Instructions for the task
Which lines of the records contain the word "Definition"? Copy each one.

----- Provided entries -----

(* Let $U\in\mathbb R^{d\times(d-k)}$, $V\in\mathbb R^{d\times k}$ have orthonormal columns with $UU^*+VV^*=I$, and let $\hat U\in\mathbb R^{d\times(d-k)}$, $\hat V\in\mathbb R^{d\times k}$ have orthonormal columns with $\hat U\hat U^*+\hat V\hat V^*=I$. Let $S\in\mathbb R^{d\times k}$ be such that $V^*S$ and $\hat V^*S$ are invertible. If $\|U^*\hat V\|\le1/2$ and $\|\hat U^*S(\hat V^*S)^{-1}\|\le\gamma\le1$, then $$\|U^*S(V^*S)^{-1}\|\le\frac{2+4\gamma}{3-2\gamma}.$$
   Context: $\|\cdot\|$ is the spectral norm. *)

From HB Require Import structures.
From mathcomp Require Import all_boot all_order all_algebra.
From mathcomp Require Import all_classical all_reals.
Set Implicit Arguments. Unset Strict Implicit. Unset Printing Implicit Defensive.
Import Order.TTheory GRing.Theory Num.Theory.
Local Open Scope ring_scope.
Local Open Scope classical_set_scope.

Definition vnorm2 (R : realType) (n : nat) (x : 'cV[R]_n) : R :=
  Num.sqrt (\sum_(i < n) (x i 0) ^+ 2).

Definition specnorm (R : realType) (m n : nat) (A : 'M[R]_(m, n)) : R :=
  sup [set vnorm2 (A *m x) | x in [set x : 'cV[R]_n | vnorm2 x <= 1]].

From HB Require Import structures.
From mathcomp Require Import all_boot all_order all_algebra.
From mathcomp Require Import all_classical all_reals.
From mathcomp Require Import ring lra.
Import Order.TTheory GRing.Theory Num.Theory.
Local Open Scope ring_scope.

(* Fix a unit vector x and put w := S (V^T S)^-1 x, so that V^T w = x and the
   vector to bound is U^T w.  Write p := Vh^T w and q := Uh^T w.  Then
     q = Uh^T S (Vh^T S)^-1 p,                     so |q| <= gamma |p|;
     p = Vh^T V x + Vh^T U (U^T w)   (as V V^T + U U^T = 1),
                                                    so |p| <= |x| + |U^T w|/2;
     U^T w = U^T Vh p + U^T Uh q     (as Vh Vh^T + Uh Uh^T = 1),
                                       so |U^T w| <= (1/2 + gamma) |p|.
   Eliminating |p| gives |U^T w| <= (2 + 4 gamma)/(3 - 2 gamma) |x|.
   Only V and Uh need orthonormal columns. *)

Set Implicit Arguments. Unset Strict Implicit. Unset Printing Implicit Defensive.

Section EuclideanNorm.
Variable R : realType.

Definition sqnorm n (v : 'cV[R]_n) : R := \sum_i v i 0 ^+ 2.
Definition dot n (a b : 'cV[R]_n) : R := \sum_i a i 0 * b i 0.

Lemma sqnorm_ge0 n (v : 'cV[R]_n) : 0 <= sqnorm v.
Proof. by apply: sumr_ge0 => i _; exact: sqr_ge0. Qed.

Lemma vnorm2_ge0 n (v : 'cV[R]_n) : 0 <= vnorm2 v.
Proof. exact: sqrtr_ge0. Qed.

Lemma vnorm2_sq n (v : 'cV[R]_n) : vnorm2 v ^+ 2 = sqnorm v.
Proof. by rewrite /vnorm2 sqr_sqrtr // sqnorm_ge0. Qed.

Lemma dotE n (a b : 'cV[R]_n) : dot a b = (a^T *m b) 0 0.
Proof. by rewrite /dot !mxE; apply: eq_bigr => i _; rewrite mxE. Qed.

Lemma sqnormE n (v : 'cV[R]_n) : sqnorm v = dot v v.
Proof. by apply: eq_bigr => i _; rewrite expr2. Qed.

Lemma dot_trmx m n (A : 'M[R]_(m, n)) a b : dot (A *m a) b = dot a (A^T *m b).
Proof. by rewrite !dotE trmx_mul mulmxA. Qed.

Lemma sqnorm_eq0 n (v : 'cV[R]_n) i : sqnorm v = 0 -> v i 0 = 0.
Proof.
move=> v0; apply/eqP; rewrite -sqrf_eq0; apply/eqP.
by apply: (psumr_eq0P _ v0) => // j _; exact: sqr_ge0.
Qed.

(* Cauchy-Schwarz, from the nonnegativity of |N a - D b|^2 with N = |b|^2
   and D = <a, b>. *)
Lemma cauchy_schwarz n (a b : 'cV[R]_n) : dot a b ^+ 2 <= sqnorm a * sqnorm b.
Proof.
have [b0|b_neq0] := eqVneq (sqnorm b) 0.
  rewrite /dot big1 ?expr0n ?b0 ?mulr0 // => i _.
  by rewrite (sqnorm_eq0 i b0) mulr0.
have expand (c1 c2 : R) : \sum_i (a i 0 * c1 - c2 * b i 0) ^+ 2
    = c1 ^+ 2 * sqnorm a - 2 * c1 * c2 * dot a b + c2 ^+ 2 * sqnorm b.
  rewrite /sqnorm /dot !mulr_sumr -sumrB -big_split /=.
  by apply: eq_bigr => i _; ring.
have Npos : 0 < sqnorm b by rewrite lt_def b_neq0 sqnorm_ge0.
set N := sqnorm b; set D := dot a b.
have : 0 <= \sum_i (a i 0 * N - D * b i 0) ^+ 2.
  by apply: sumr_ge0 => i _; exact: sqr_ge0.
rewrite expand => sq_ge0.
have : 0 <= N * (N * sqnorm a - D ^+ 2).
  suff -> : N * (N * sqnorm a - D ^+ 2)
            = N ^+ 2 * sqnorm a - 2 * N * D * D + D ^+ 2 * N by [].
  by ring.
by rewrite pmulr_rge0 // subr_ge0 mulrC.
Qed.

Lemma sqrt_le_sq (x y : R) : 0 <= y -> x <= y ^+ 2 -> Num.sqrt x <= y.
Proof. by move=> y0 h; rewrite -(ger0_norm y0) -sqrtr_sqr; exact: ler_wsqrtr. Qed.

Lemma dot_le n (a b : 'cV[R]_n) : dot a b <= vnorm2 a * vnorm2 b.
Proof.
apply: le_trans (ler_norm _) _.
by rewrite -sqrtr_sqr /vnorm2 -sqrtrM ?sqnorm_ge0 //; apply/ler_wsqrtr/cauchy_schwarz.
Qed.

Lemma vnorm2D n (a b : 'cV[R]_n) : vnorm2 (a + b) <= vnorm2 a + vnorm2 b.
Proof.
have sqnormD : sqnorm (a + b) = sqnorm a + 2 * dot a b + sqnorm b.
  rewrite /sqnorm /dot mulr_sumr -!big_split /=.
  by apply: eq_bigr => i _; rewrite mxE; ring.
apply: sqrt_le_sq; first by rewrite addr_ge0 ?vnorm2_ge0.
rewrite -/(sqnorm _) sqnormD sqrrD !vnorm2_sq.
by have := dot_le a b; lra.
Qed.

Lemma vnorm2Z n (c : R) (v : 'cV[R]_n) : vnorm2 (c *: v) = `|c| * vnorm2 v.
Proof.
have sqnormZ : sqnorm (c *: v) = c ^+ 2 * sqnorm v.
  by rewrite /sqnorm mulr_sumr; apply: eq_bigr => i _; rewrite mxE exprMn.
by rewrite /vnorm2 -/(sqnorm _) sqnormZ sqrtrM ?sqr_ge0 // sqrtr_sqr.
Qed.

Lemma vnorm2_eq0 n (v : 'cV[R]_n) : vnorm2 v = 0 -> v = 0.
Proof.
move=> h; have v0 : sqnorm v = 0 by rewrite -vnorm2_sq h expr0n.
by apply/matrixP => i j; rewrite (ord1 j) mxE sqnorm_eq0.
Qed.

Lemma vnorm2_0 n : vnorm2 (0 : 'cV[R]_n) = 0.
Proof. by rewrite /vnorm2 big1 ?sqrtr0 // => i _; rewrite mxE expr0n. Qed.

Lemma vnorm2_isometry m n (Q : 'M[R]_(m, n)) v :
  Q^T *m Q = 1%:M -> vnorm2 (Q *m v) = vnorm2 v.
Proof.
move=> QtQ; rewrite /vnorm2 -!/(sqnorm _) !sqnormE !dotE trmx_mul.
by rewrite -(mulmxA v^T) (mulmxA Q^T) QtQ mul1mx.
Qed.

(* If A A^T + B B^T = 1 then |A^T z|^2 + |B^T z|^2 = |z|^2, hence A^T is a
   contraction. *)
Lemma vnorm2_coisometry m n1 n2 (A : 'M[R]_(m, n1)) (B : 'M[R]_(m, n2)) z :
  A *m A^T + B *m B^T = 1%:M -> vnorm2 (A^T *m z) <= vnorm2 z.
Proof.
move=> AB1.
have sqnorm_tr p (M : 'M[R]_(m, p)) : sqnorm (M^T *m z) = (z^T *m (M *m M^T) *m z) 0 0.
  by rewrite sqnormE dotE trmx_mul trmxK !mulmxA.
have pythagoras : sqnorm (A^T *m z) + sqnorm (B^T *m z) = sqnorm z.
  have addE (P Q : 'M[R]_1) : P 0 0 + Q 0 0 = (P + Q) 0 0 by rewrite mxE.
  by rewrite !sqnorm_tr addE -mulmxDl -mulmxDr AB1 mulmx1 sqnormE dotE.
apply: (@ler_wsqrtr _ (sqnorm (A^T *m z)) (sqnorm z)).
by rewrite -pythagoras lerDl sqnorm_ge0.
Qed.

End EuclideanNorm.

Section SpectralNorm.
Variable R : realType.
Local Open Scope classical_set_scope.

Definition specnorm_set m n (A : 'M[R]_(m, n)) : set R :=
  [set vnorm2 (A *m x) | x in [set x : 'cV[R]_n | vnorm2 x <= 1]].

Lemma specnorm_set0 m n (A : 'M[R]_(m, n)) : specnorm_set A 0.
Proof. by exists 0; rewrite /= ?mulmx0 vnorm2_0. Qed.

(* Row-wise Cauchy-Schwarz bounds the set by the Frobenius norm. *)
Lemma specnorm_set_ub m n (A : 'M[R]_(m, n)) : has_ubound (specnorm_set A).
Proof.
exists (Num.sqrt (\sum_i sqnorm (row i A)^T)) => _ [x x_le1 <-].
apply: ler_wsqrtr; apply: ler_sum => i _.
have sqx_le1 : sqnorm x <= 1.
  by rewrite -vnorm2_sq -(expr1n R 2) lerXn2r ?nnegrE ?vnorm2_ge0.
have -> : (A *m x) i 0 = dot (row i A)^T x.
  by rewrite /dot mxE; apply: eq_bigr => j _; rewrite !mxE.
apply: le_trans (cauchy_schwarz _ _) _.
by rewrite -[X in _ <= X]mulr1 ler_wpM2l ?sqnorm_ge0.
Qed.

Lemma specnorm_has_sup m n (A : 'M[R]_(m, n)) : has_sup (specnorm_set A).
Proof. by split; [exists 0; exact: specnorm_set0 | exact: specnorm_set_ub]. Qed.

Lemma specnorm_ge0 m n (A : 'M[R]_(m, n)) : 0 <= specnorm A.
Proof. exact: (sup_upper_bound (specnorm_has_sup A) (specnorm_set0 A)). Qed.

Lemma specnorm_bound m n (A : 'M[R]_(m, n)) s v :
  specnorm A <= s -> vnorm2 (A *m v) <= s * vnorm2 v.
Proof.
move=> As.
have [/vnorm2_eq0 ->|v_neq0] := eqVneq (vnorm2 v) 0.
  by rewrite mulmx0 !vnorm2_0 mulr0.
have vpos : 0 < vnorm2 v by rewrite lt_def v_neq0 vnorm2_ge0.
have normalised : specnorm_set A (vnorm2 (A *m ((vnorm2 v)^-1 *: v))).
  exists ((vnorm2 v)^-1 *: v) => //=.
  by rewrite vnorm2Z ger0_norm ?invr_ge0 ?vnorm2_ge0 // mulVf.
have := le_trans (sup_upper_bound (specnorm_has_sup A) normalised) As.
by rewrite -scalemxAr vnorm2Z ger0_norm ?invr_ge0 ?vnorm2_ge0 // mulrC ler_pdivrMr.
Qed.

Lemma specnorm_le m n (A : 'M[R]_(m, n)) c :
  0 <= c -> (forall v, vnorm2 (A *m v) <= c * vnorm2 v) -> specnorm A <= c.
Proof.
move=> c0 Ac; apply: ge_sup; first by exists 0; exact: specnorm_set0.
move=> _ [x x_le1 <-]; apply: le_trans (Ac x) _.
by rewrite -[X in _ <= X]mulr1 ler_wpM2l.
Qed.

(* Transposition does not increase the spectral norm:
   |A^T y|^2 = <y, A A^T y> <= |y| |A| |A^T y|. *)
Lemma specnorm_trmx_le m n (A : 'M[R]_(m, n)) : specnorm A^T <= specnorm A.
Proof.
apply: specnorm_le (specnorm_ge0 A) _ => y; set z := A^T *m y.
have z_ge0 := vnorm2_ge0 z.
have : vnorm2 z * vnorm2 z <= (specnorm A * vnorm2 y) * vnorm2 z.
  rewrite -expr2 vnorm2_sq sqnormE {1}/z dot_trmx trmxK.
  apply: le_trans (dot_le _ _) _; rewrite mulrAC mulrC.
  by apply: ler_wpM2r; [exact: vnorm2_ge0 | exact: specnorm_bound].
have [->|z_neq0] := eqVneq (vnorm2 z) 0.
  by rewrite mulr_ge0 ?specnorm_ge0 ?vnorm2_ge0.
by rewrite ler_pM2r // lt_def z_neq0.
Qed.

End SpectralNorm.

Lemma eliminate_intermediate (R : realFieldType) (gamma x p t : R) :
  0 <= gamma -> 2 * gamma < 3 ->
  p <= x + 2^-1 * t -> t <= (2^-1 + gamma) * p ->
  t <= (2 + 4 * gamma) / (3 - 2 * gamma) * x.
Proof.
move=> g0 g_lt p_le t_le.
have : t <= (2^-1 + gamma) * (x + 2^-1 * t).
  by apply: le_trans t_le _; rewrite ler_wpM2l //; lra.
rewrite mulrAC ler_pdivlMr; last by lra.
by move=> t_le'; nra.
Qed.

Section KeyEstimate.
Variables (R : realType) (d m1 n1 m2 n2 : nat).
Variables (U : 'M[R]_(d, m1)) (V : 'M[R]_(d, n1)).
Variables (Uh : 'M[R]_(d, m2)) (Vh : 'M[R]_(d, n2)).

Lemma mul_resolution p q r (A : 'M[R]_(d, p)) (B : 'M[R]_(d, q))
    (M : 'M[R]_(r, d)) (w : 'cV[R]_d) :
  A *m A^T + B *m B^T = 1%:M ->
  M *m w = M *m A *m (A^T *m w) + M *m B *m (B^T *m w).
Proof.
move=> AB1; rewrite -!mulmxA -mulmxDr; congr (_ *m _).
by rewrite !mulmxA -mulmxDl AB1 mul1mx.
Qed.

Hypotheses (VtV : V^T *m V = 1%:M) (UV1 : U *m U^T + V *m V^T = 1%:M).
Hypotheses (UhtUh : Uh^T *m Uh = 1%:M) (UVh1 : Uh *m Uh^T + Vh *m Vh^T = 1%:M).
Hypothesis UtVh_le : specnorm (U^T *m Vh) <= 2^-1.

Lemma component_bound (gamma : R) (w : 'cV[R]_d) :
  0 <= gamma -> 2 * gamma < 3 ->
  vnorm2 (Uh^T *m w) <= gamma * vnorm2 (Vh^T *m w) ->
  vnorm2 (U^T *m w) <= (2 + 4 * gamma) / (3 - 2 * gamma) * vnorm2 (V^T *m w).
Proof.
move=> g0 g_lt q_le.
have VhtU_le : specnorm (Vh^T *m U) <= 2^-1.
  by rewrite -[U]trmxK -trmx_mul; apply: le_trans (specnorm_trmx_le _) UtVh_le.
have p_le : vnorm2 (Vh^T *m w) <= vnorm2 (V^T *m w) + 2^-1 * vnorm2 (U^T *m w).
  rewrite (mul_resolution _ _ UV1) addrC; apply: le_trans (vnorm2D _ _) _.
  apply: lerD; last exact: specnorm_bound.
  have VUh1 : Vh *m Vh^T + Uh *m Uh^T = 1%:M by rewrite addrC.
  rewrite -mulmxA; apply: le_trans (vnorm2_coisometry _ VUh1) _.
  by rewrite vnorm2_isometry.
have t_le : vnorm2 (U^T *m w) <= (2^-1 + gamma) * vnorm2 (Vh^T *m w).
  rewrite (mul_resolution _ _ UVh1) addrC mulrDl; apply: le_trans (vnorm2D _ _) _.
  apply: lerD; first exact: specnorm_bound.
  rewrite -mulmxA; apply: le_trans (vnorm2_coisometry _ UV1) _.
  by rewrite vnorm2_isometry.
exact: eliminate_intermediate p_le t_le.
Qed.

End KeyEstimate.

Unset Implicit Arguments. Set Strict Implicit.

Theorem propositionE3 (R : realType) (d k : nat) (hkd : (k <= d)%N)
  (U Uh : 'M[R]_(d, d - k)) (V Vh S : 'M[R]_(d, k)) (gamma : R) :
  U^T *m U = 1%:M -> V^T *m V = 1%:M -> U *m U^T + V *m V^T = 1%:M ->
  Uh^T *m Uh = 1%:M -> Vh^T *m Vh = 1%:M -> Uh *m Uh^T + Vh *m Vh^T = 1%:M ->
  V^T *m S \in unitmx -> Vh^T *m S \in unitmx ->
  specnorm (U^T *m Vh) <= 2^-1 ->
  specnorm (Uh^T *m S *m invmx (Vh^T *m S)) <= gamma -> gamma <= 1 ->
  specnorm (U^T *m S *m invmx (V^T *m S)) <= (2 + 4 * gamma) / (3 - 2 * gamma).
Proof.
move=> _ VtV UV1 UhtUh _ UVh1 VtS_unit VhtS_unit UtVh_le Y_le g_le1.
have g0 : 0 <= gamma := le_trans (specnorm_ge0 _) Y_le.
apply: specnorm_le; first by rewrite divr_ge0 //; lra.
move=> x; pose w := S *m (invmx (V^T *m S) *m x).
have Vtw : V^T *m w = x by rewrite /w !mulmxA mulmxV // mul1mx.
have -> : U^T *m S *m invmx (V^T *m S) *m x = U^T *m w by rewrite /w !mulmxA.
rewrite -Vtw; apply: (component_bound VtV UV1 UhtUh UVh1 UtVh_le) => //; first lra.
have -> : Uh^T *m w = Uh^T *m S *m invmx (Vh^T *m S) *m (Vh^T *m w).
  by rewrite /w -!mulmxA (mulmxA Vh^T S) mulKmx.
exact: specnorm_bound.
Qed.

-----

Completed exercise
Definition vnorm2 (R : realType) (n : nat) (x : 'cV[R]_n) : R :=
Definition specnorm (R : realType) (m n : nat) (A : 'M[R]_(m, n)) : R :=
Definition sqnorm n (v : 'cV[R]_n) : R := \sum_i v i 0 ^+ 2.
Definition dot n (a b : 'cV[R]_n) : R := \sum_i a i 0 * b i 0.
Definition specnorm_set m n (A : 'M[R]_(m, n)) : set R :=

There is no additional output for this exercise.